C’est l’une des questions à laquelle l’historien Giovanni Levi essaie de répondre dans son livre Le Pouvoir au village (1985), qui prend pour point de départ ce qui nous apparaît aujourd’hui comme une banale anecdote. Et la leçon n’est pas mince. Plutôt que de considérer que le peuple est fondamentalement naïf et idiot, qu’il se décide en dépit du bon sens, Levi voit à l’œuvre dans les comportements et l’économie morale populaire une rationalité sélective, une intelligence des situations, bref des stratégies. Il s’agit dès lors d’en rabattre sur la condescendance à l’encontre des conduites du peuple. En échafaudant des propositions qui ordonnaient hiérarchiquement l’éventail causal des malheurs, l’exorciste a bien offert une étiologie efficace, en résonance avec son temps. Mais là n’est pas l’essentiel : Chiesa n’a remporté aucune victoire idéologique définitive, comme le signifie la disparition quasi immédiate de toute trace de son existence après sa condamnation. Le surnaturel et les fantasmes ne disent pas tout. La prédication fruste de l’exorciste s’est imposée, non pas parce qu’elle a coïncidé avec un système immobile d’idées et de valeurs, mais parce qu’elle a permis à des groupes d’organiser, autour d’un personnage ambigu, leur possibilité d’agir face à ce qu’ils ressentaient comme une intensification de l’incertitude à un moment où les rapports de force territoriaux étaient remis en cause. Il est beaucoup plus convaincant de resituer l’ensemble dans les jeux d’échelle entre villes et campagnes, centres et périphéries, alliances matrimoniales et concurrences familiales. Ceux qui ont demandé à être exorcisés étaient tous des personnages secondaires dans leurs groupes parentaux respectifs. Minoritaires, relégués, marginalisés dans les relations sociales, ils ont pu, à travers Chiesa, affirmer une place qui leur était déniée. Ces notables, ces paysans, ces métayers refusaient l’anéantissement qui se profilait devant eux : face aux troubles que connaissait le village, ils ont obligé les autres à intervenir. L’enjeu consistait pour ces femmes et ces hommes trop vite qualifiés de crédules, à rappeler qu’être contraint de composer avec l’imprévisible, cela veut dire également qu’aucun processus n’est jamais inéluctable, que tout changement mis en œuvre est aussi le fruit de la rencontre entre tous les protagonistes d’une société.

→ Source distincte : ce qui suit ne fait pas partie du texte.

Lemma mul_sub_le_sqrt_sub x c Q Q' : 0 <= Q <= Q' -> 0 <= x -> x * sqrt Q' <= c ->
  x * (Q' - Q) <= 2 * c * (sqrt Q' - sqrt Q).
Proof.
  intros HQ Hx Hc.
  pose proof (sqrt_sqrt Q ltac:(lra)). pose proof (sqrt_sqrt Q' ltac:(lra)).
  pose proof (sqrt_pos Q). assert (sqrt Q <= sqrt Q') by (apply sqrt_le_1_alt; lra).
  replace (Q' - Q) with ((sqrt Q' - sqrt Q) * (sqrt Q' + sqrt Q)) by nra.
  assert (x * (sqrt Q' + sqrt Q) <= 2 * c) by nra. nra.
Qed.

Lemma rsum_ext l f g : (forall x, In x l -> f x = g x) -> rsum l f = rsum l g.
Proof.
  induction l as [|x l IH]; intros H; simpl; [reflexivity|].
  rewrite (H x (or_introl eq_refl)), IH; [reflexivity|]. intros y Hy; apply H; right; exact Hy.
Qed.

Lemma rsum_le l f g : (forall x, In x l -> f x <= g x) -> rsum l f <= rsum l g.
Proof.
  induction l as [|x l IH]; intros H; simpl; [lra|].
  apply Rplus_le_compat; [apply H; left; reflexivity|apply IH; intros y Hy; apply H; right; exact Hy].
Qed.

Lemma rsum_plus l f g : rsum l (fun x => f x + g x) = rsum l f + rsum l g.
Proof. induction l; simpl; [ring|rewrite IHl; ring]. Qed.

Lemma rsum_minus l f g : rsum l (fun x => f x - g x) = rsum l f - rsum l g.
Proof. induction l; simpl; [ring|rewrite IHl; ring]. Qed.

Lemma rsum_mult_l l c f : rsum l (fun x => c * f x) = c * rsum l f.
Proof. induction l; simpl; [ring|rewrite IHl; ring]. Qed.

Lemma rsum_mult_r l c f : rsum l (fun x => f x * c) = rsum l f * c.
Proof. induction l; simpl; [ring|rewrite IHl; ring]. Qed.

Lemma rsum_const l c : rsum l (fun _ => c) = INR (length l) * c.
Proof. induction l; simpl length; [simpl; ring|rewrite S_INR; simpl; rewrite IHl; ring]. Qed.

Lemma rsum_nonneg l f : (forall x, In x l -> 0 <= f x) -> 0 <= rsum l f.
Proof.
  intros H. replace 0 with (rsum l (fun _ => 0)) by (rewrite rsum_const; ring).
  apply rsum_le. exact H.
Qed.

Lemma rsum_ge_term l f a : (forall x, In x l -> 0 <= f x) -> In a l -> f a <= rsum l f.
Proof.
  induction l as [|x l IH]; intros H Ha; [destruct Ha|]. simpl.
  assert (0 <= rsum l f) by (apply rsum_nonneg; intros; apply H; right; assumption).
  destruct Ha as [<-|Ha]; [lra|].
  assert (0 <= f x) by (apply H; left; reflexivity).
  assert (f a <= rsum l f) by (apply IH; [intros; apply H; right|]; assumption).
  lra.
Qed.

Lemma rsum_pos l f : (forall x, In x l -> 0 < f x) -> l <> [] -> 0 < rsum l f.
Proof.
  destruct l as [|x l]; intros H Hl; [congruence|].
  apply (Rlt_le_trans _ (f x)); [apply H; left; reflexivity|].
  apply rsum_ge_term; [intros; left; apply H|left]; auto.
Qed.

Lemma rsum_indicator l f a : NoDup l -> In a l ->
  rsum l (fun x => if Nat.eqb x a then f x else 0) = f a.
Proof.
  induction l as [|x l IH]; intros Hn Ha; [destruct Ha|]. inversion Hn as [|? ? Hx Hn']; subst.
  simpl. destruct (Nat.eqb_spec x a) as [->|Hne].
  - rewrite (rsum_ext _ _ (fun _ => 0)), rsum_const; [ring|].
    intros y Hy. destruct (Nat.eqb_spec y a); [subst; contradiction|reflexivity].
  - destruct Ha as [->|Ha]; [congruence|]. rewrite IH by assumption. ring.
Qed.
(* Let $n\ge 3$ and $m\ge 2$ be integers, and let $F$, $R$ be as in the context. In the group $F/[R,F]$ the following hold: (1) for $1\le i<j-1\le n-2$, the order of $[s_i,s_j]$ divides $m$; (2) for $1\le i\le n-2$, the order of $[s_i,s_{i+1},s_i]$ divides $m$, and the order of $[s_i,s_{i+1},s_is_{i+1}^{-1}]$ divides $\gcd\!\big(m,\binom{m}{2}\big)$; (3) for $1\le i\le n-3$, the order of $[[s_i,s_{i+1}],[s_{i+1},s_{i+2}]]$ divides $\gcd(2,m)$.
   Context: Commutator conventions: $[a,b]=a^{-1}b^{-1}ab$, $a^b=b^{-1}ab$, and commutators are left-normed: $[a_1,\dots,a_k]=[[a_1,\dots,a_{k-1}],a_k]$. Let $F$ be the free group on $s_1,\dots,s_{n-1}$ and let $R$ be the normal closure in $F$ of the following relators: $s_i^m$ ($1\le i\le n-1$); $[s_i,s_j]$ ($1\le i<j-1\le n-2$); $[s_i,s_{i+1},s_i]$ and $[s_i,s_{i+1},s_{i+1}]$ ($1\le i\le n-2$); $[[s_i,s_{i+1}],[s_{i+1},s_{i+2}]]$ ($1\le i\le n-3$). It is known that $F/R\cong \mathrm{UT}_n(\mathbb Z/m\mathbb Z)$ (the group of upper unitriangular $n\times n$ matrices over $\mathbb Z/m\mathbb Z$) via $s_i\mapsto I+E_{i,i+1}$. *)

From mathcomp Require Import all_boot.
Set Implicit Arguments. Unset Strict Implicit. Unset Printing Implicit Defensive.

(* A letter (i, false) stands for s_i, (i, true) for s_i^{-1}. *)
Definition letter := (nat * bool)%type.
Definition word := seq letter.

Definition linv (a : letter) : letter := (a.1, ~~ a.2).
Definition winv (w : word) : word := rev (map linv w).
Definition gen (i : nat) : word := [:: (i, false)].
Fixpoint wpow (w : word) (k : nat) : word :=
  if k is k'.+1 then w ++ wpow w k' else [::].
Definition wcomm (a b : word) : word := winv a ++ winv b ++ a ++ b.
Definition wconj (a b : word) : word := winv b ++ a ++ b.

(* Free equivalence of words: the equivalence relation generated by
   deleting a cancelling pair x x^-1. Words modulo freeq = free group. *)
Inductive freeq : word -> word -> Prop :=
| freeq_red (u v : word) (a : letter) : freeq (u ++ a :: linv a :: v) (u ++ v)
| freeq_refl (u : word) : freeq u u
| freeq_sym (u v : word) : freeq u v -> freeq v u
| freeq_trans (u v w : word) : freeq u v -> freeq v w -> freeq u w.

(* Words in the generators s_1, ..., s_{n-1}, i.e. words representing
   elements of F. *)
Definition wordin (n : nat) (w : word) : bool :=
  all (fun a : letter => (1 <= a.1 <= n - 1)) w.

(* ncl n S w : (the class of) w lies in the normal closure in F of the
   set S (more precisely of the elements represented by words in S). *)
Inductive ncl (n : nat) (S : word -> Prop) : word -> Prop :=
| ncl_gen (w : word) : S w -> ncl n S w
| ncl_one : ncl n S [::]
| ncl_mul (u v : word) : ncl n S u -> ncl n S v -> ncl n S (u ++ v)
| ncl_inv (u : word) : ncl n S u -> ncl n S (winv u)
| ncl_conj (u g : word) : wordin n g -> ncl n S u -> ncl n S (wconj u g)
| ncl_eq (u v : word) : freeq u v -> ncl n S u -> ncl n S v.
Lemma exists_good_weighting s : loopless s -> exists us, good_weighting s us.
Proof.
have [n] := ubnP (size s); elim: n s => // n IH s /ltnSE size_s loopl.
have [dense|sparse] := leqP (2 * nverts s) (size s + 2).
  by exists (nseq (size s) 1); apply: good_weighting_ones.
have /hasP [v vs /eqP v1] : has (fun v => count_mem v s == 1%N) s.
  apply: contraLR sparse => /hasPn no_single; rewrite -leqNgt.
  by apply: leq_trans (nverts_double_le_size no_single) (leq_addr _ _).
have [|x [y [u e]]] := rot_pendant vs.
  by move: sparse (size_undup s); rewrite /nverts; lia.
have size_xvyu : size [:: x, v, y & u] = size s by rewrite -e size_rotr size_rot.
have loopl_xvyu : loopless [:: x, v, y & u] by rewrite -e /rotr !loopless_rot.
have vxyu : v \notin [:: x, y & u].
  apply/count_memPn; have : count_mem v [:: x, v, y & u] = 1%N.
    by rewrite -e -v1; apply/permP; rewrite perm_rotr perm_rot.
  by rewrite /= eqxx; lia.
suff [us gw] : exists us, good_weighting [:: x, v, y & u] us.
  exists (rotr (index v s) (rot 1 us)); apply: good_weighting_unrot.
  by have := good_weighting_rot 1 gw; rewrite -e rotrK.
move: loopl_xvyu; rewrite /loopless walk_edges_cons /=.
case/and3P=> xv vy loopl_rest.
have [exy|xy] := eqVneq x y.
  subst y; have lt_xu : (size (x :: u) < n)%N.
    by rewrite (leq_trans _ size_s) // -size_xvyu.
  have loopl_xu : loopless (x :: u) by rewrite /loopless walk_edges_cons.
  have [us gw] := IH _ lt_xu loopl_xu.
  exists [:: 1, 1 & us]; apply: good_weighting_spike => //.
  by move: vxyu; rewrite !inE orbA orbb.
have lt_xyu : (size [:: x, y & u] < n)%N.
  by rewrite (leq_trans _ size_s) // -size_xvyu.
have loopl_xyu : loopless [:: x, y & u] by rewrite /loopless walk_edges_cons /= xy.
have [[|w us] gw] := IH _ lt_xyu loopl_xyu; first by case: gw.
by exists [:: w / 2, w / 2 & us]; apply: good_weighting_merge.
Qed.

End ClosedWalk.

Lemma rot1_enum_ord L : rot 1 (enum 'I_L) = map (@ordS L) (enum 'I_L).
Proof.
case: L => [|L]; first by rewrite enum_ord0.
rewrite {1}enum_ordSl enum_ordSr rot1_cons map_rcons -map_comp; congr rcons.
  by apply: eq_map => i; apply: val_inj; rewrite /= /bump add1n modn_small ?ltnS.
by apply: val_inj; rewrite /= modnn.
Qed.

Lemma walk_edges_enum (V : eqType) L (f : 'I_L -> V) :
  walk_edges (map f (enum 'I_L)) = [seq (f k, f (ordS k)) | k <- enum 'I_L].
Proof. by rewrite /walk_edges -map_rot rot1_enum_ord -map_comp zip_map. Qed.

Lemma nverts_enum (T V : finType) (f : T -> V) :
  nverts (map f (enum T)) = #|[set f x | x : T]|.
Proof.
rewrite imset_card /nverts -(card_uniqP (undup_uniq _)).
by apply: eq_card => y; rewrite mem_undup.
Qed.

Lemma degree_label_edges p n L (a : 'I_L -> 'I_n) (b : 'I_L -> seq 'I_p) i j :
  degree [seq (a k, a (ordS k)) | k <- enum 'I_L & j \in b k] i =
  edge_count a b i j.
Proof.
rewrite /degree big_map big_filter big_enum_cond /edge_count big_mkcond /=.
by apply: eq_bigr => k _; case: (j \in b k); rewrite ?andbT ?andbF.
Qed.

Lemma label_weight_ge2 (R : realFieldType) p n L (a : 'I_L -> 'I_n)
    (b : 'I_L -> seq 'I_p) (u : 'I_L -> R) j :
  (forall i, edge_count a b i j != 1%N) ->
  leafless_cover [seq (a k, a (ordS k)) | k <- enum 'I_L]
                 [seq u k | k <- enum 'I_L] ->
  (exists k, j \in b k) -> 2 <= \sum_(k < L | j \in b k) u k.
Proof.
move=> no_leaf cover [k0 jk0].
have := cover [seq j \in b k | k <- enum 'I_L].
rewrite -(map_mask (fun k => (a k, a (ordS k)))) -(map_mask u) -filter_mask.
rewrite big_map big_filter big_enum_cond; apply; first by rewrite !size_map.
  rewrite -size_eq0 size_map size_filter -lt0n -has_count.
  by apply/hasP; exists k0; rewrite ?mem_enum.
by move=> i; rewrite degree_label_edges.
Qed.

Lemma sum_labels (R : nzRingType) p L (b : 'I_L -> seq 'I_p) (F : 'I_L -> R) :
  (forall k, uniq (b k)) ->
  \sum_(j < p) \sum_(k < L | j \in b k) F k = \sum_(k < L) (size (b k))%:R * F k.
Proof.
move=> uniq_b; rewrite (exchange_big_dep xpredT) //=; apply: eq_bigr => k _.
by rewrite sumr_const (card_uniqP (uniq_b k)) mulr_natl.
Qed.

On peut toujours continuer à penser que les masses sont incapables d’exprimer un projet politique cohérent parce qu’elles ne comprennent rien à rien et qu’elles croient en tout et n’importe quoi. Somme toute que la plèbe est incontrôlable et versatile. Ce que dit le « ils l’ont bien cherché » tenu par ceux, vexés comme des poux, qui refusent d’admettre leur défaite. On peut aussi, à l’instar de Levi, renverser le raisonnement. Il y aurait non pas l’adhésion populaire à une pensée obscure, mais l’expression d’une soif de vitalité démocratique et le souci de vivre au mieux dans un monde incertain. On pourrait rêver d’une politique, ni haute, ni basse, mais « au ras du sol », exactement à la hauteur à laquelle les pieds se trouvent à plat par terre pour que tout le monde puisse se tenir debout.